What is required -
Take the listing below and print exactly the lines starting at the line containing "[seq (a.1 *" and ending at the line containing "[:: (1, fun j => if j == i then e else 0)].", both ends included, and no others.
====== Records shown ======
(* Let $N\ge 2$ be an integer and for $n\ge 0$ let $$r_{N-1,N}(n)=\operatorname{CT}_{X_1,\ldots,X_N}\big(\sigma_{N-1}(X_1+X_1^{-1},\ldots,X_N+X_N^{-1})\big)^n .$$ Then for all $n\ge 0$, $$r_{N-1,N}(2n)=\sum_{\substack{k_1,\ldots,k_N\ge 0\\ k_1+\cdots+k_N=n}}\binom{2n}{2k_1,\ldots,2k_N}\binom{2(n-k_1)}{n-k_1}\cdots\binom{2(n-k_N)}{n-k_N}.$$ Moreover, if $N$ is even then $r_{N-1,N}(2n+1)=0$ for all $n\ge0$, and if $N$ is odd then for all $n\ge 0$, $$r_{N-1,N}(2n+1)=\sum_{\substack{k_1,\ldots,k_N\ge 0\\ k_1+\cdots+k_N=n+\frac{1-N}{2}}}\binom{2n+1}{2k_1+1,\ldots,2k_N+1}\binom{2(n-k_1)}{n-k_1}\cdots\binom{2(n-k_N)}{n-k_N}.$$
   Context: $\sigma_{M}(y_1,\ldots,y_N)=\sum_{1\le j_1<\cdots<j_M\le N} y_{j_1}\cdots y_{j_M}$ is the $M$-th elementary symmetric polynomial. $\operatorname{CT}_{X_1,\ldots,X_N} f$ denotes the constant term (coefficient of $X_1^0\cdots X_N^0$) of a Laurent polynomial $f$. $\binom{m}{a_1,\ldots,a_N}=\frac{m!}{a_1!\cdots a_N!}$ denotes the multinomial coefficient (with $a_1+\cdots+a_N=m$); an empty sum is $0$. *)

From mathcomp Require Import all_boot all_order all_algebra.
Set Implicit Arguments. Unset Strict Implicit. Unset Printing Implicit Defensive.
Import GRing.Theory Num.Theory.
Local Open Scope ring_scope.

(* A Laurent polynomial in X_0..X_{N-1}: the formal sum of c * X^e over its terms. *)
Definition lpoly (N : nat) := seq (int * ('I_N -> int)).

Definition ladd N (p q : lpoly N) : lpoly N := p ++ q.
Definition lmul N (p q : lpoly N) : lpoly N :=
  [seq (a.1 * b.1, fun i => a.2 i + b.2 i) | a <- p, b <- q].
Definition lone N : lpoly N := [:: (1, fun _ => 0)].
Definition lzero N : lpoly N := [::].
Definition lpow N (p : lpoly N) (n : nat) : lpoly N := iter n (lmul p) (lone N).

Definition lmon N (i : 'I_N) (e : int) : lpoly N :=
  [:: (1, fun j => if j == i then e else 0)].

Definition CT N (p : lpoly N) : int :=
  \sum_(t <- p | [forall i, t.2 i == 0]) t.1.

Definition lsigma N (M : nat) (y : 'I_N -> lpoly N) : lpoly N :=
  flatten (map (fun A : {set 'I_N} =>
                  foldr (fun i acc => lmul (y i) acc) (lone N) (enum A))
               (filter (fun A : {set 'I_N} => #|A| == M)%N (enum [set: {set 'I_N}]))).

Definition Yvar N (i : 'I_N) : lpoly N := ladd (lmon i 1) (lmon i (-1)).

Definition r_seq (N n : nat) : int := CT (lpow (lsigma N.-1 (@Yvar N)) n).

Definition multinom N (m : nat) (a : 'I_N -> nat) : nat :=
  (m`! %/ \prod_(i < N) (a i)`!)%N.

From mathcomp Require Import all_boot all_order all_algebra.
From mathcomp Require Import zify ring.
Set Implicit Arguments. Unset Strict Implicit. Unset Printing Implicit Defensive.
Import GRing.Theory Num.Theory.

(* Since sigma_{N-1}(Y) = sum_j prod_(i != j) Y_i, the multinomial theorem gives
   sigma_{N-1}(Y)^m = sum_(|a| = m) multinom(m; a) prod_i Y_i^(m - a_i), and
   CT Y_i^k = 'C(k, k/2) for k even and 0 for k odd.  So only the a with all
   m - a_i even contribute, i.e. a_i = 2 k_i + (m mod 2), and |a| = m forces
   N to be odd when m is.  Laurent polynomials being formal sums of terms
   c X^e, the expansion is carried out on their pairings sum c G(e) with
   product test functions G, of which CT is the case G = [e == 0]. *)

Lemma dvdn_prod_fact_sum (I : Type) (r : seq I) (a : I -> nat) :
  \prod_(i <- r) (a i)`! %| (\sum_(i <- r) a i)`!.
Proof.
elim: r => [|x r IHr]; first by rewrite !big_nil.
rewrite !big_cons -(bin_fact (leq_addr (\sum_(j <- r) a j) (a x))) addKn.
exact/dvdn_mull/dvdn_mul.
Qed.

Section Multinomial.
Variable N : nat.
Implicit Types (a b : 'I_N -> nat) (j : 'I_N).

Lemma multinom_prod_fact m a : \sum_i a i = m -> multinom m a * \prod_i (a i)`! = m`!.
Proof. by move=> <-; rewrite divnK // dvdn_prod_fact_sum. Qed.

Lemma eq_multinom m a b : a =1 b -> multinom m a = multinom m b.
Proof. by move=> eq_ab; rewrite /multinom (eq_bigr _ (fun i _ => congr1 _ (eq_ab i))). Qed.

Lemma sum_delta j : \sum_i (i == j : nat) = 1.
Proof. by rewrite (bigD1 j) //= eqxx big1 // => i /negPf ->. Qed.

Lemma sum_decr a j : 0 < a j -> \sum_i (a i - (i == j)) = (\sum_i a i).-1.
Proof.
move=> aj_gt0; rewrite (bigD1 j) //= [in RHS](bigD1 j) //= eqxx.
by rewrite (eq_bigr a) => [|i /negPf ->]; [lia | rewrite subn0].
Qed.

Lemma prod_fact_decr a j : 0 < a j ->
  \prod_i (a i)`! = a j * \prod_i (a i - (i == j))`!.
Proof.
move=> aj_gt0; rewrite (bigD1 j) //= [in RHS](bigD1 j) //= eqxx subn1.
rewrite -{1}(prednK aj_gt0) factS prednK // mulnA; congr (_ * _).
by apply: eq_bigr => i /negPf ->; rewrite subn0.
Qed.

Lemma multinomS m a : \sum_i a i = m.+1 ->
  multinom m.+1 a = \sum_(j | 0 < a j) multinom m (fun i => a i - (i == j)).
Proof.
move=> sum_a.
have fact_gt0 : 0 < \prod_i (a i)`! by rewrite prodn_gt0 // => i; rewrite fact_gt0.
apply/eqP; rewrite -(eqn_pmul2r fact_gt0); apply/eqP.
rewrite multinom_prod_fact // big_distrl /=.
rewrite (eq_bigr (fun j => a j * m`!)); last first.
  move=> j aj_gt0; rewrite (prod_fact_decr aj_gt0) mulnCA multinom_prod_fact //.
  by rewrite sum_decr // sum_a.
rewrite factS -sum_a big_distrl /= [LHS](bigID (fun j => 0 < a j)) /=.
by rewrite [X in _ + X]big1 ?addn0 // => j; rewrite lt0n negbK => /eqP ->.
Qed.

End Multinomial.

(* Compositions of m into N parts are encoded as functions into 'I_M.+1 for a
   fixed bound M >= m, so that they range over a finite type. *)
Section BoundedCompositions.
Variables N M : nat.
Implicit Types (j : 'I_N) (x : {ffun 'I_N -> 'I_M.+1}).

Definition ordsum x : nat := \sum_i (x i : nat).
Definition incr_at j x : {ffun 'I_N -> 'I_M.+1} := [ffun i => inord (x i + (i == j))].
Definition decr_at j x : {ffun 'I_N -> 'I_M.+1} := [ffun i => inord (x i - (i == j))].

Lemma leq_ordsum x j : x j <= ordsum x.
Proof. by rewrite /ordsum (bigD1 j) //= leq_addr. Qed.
======
Result of the exercise -
  [seq (a.1 * b.1, fun i => a.2 i + b.2 i) | a <- p, b <- q].
Definition lone N : lpoly N := [:: (1, fun _ => 0)].
Definition lzero N : lpoly N := [::].
Definition lpow N (p : lpoly N) (n : nat) : lpoly N := iter n (lmul p) (lone N).

Definition lmon N (i : 'I_N) (e : int) : lpoly N :=
  [:: (1, fun j => if j == i then e else 0)].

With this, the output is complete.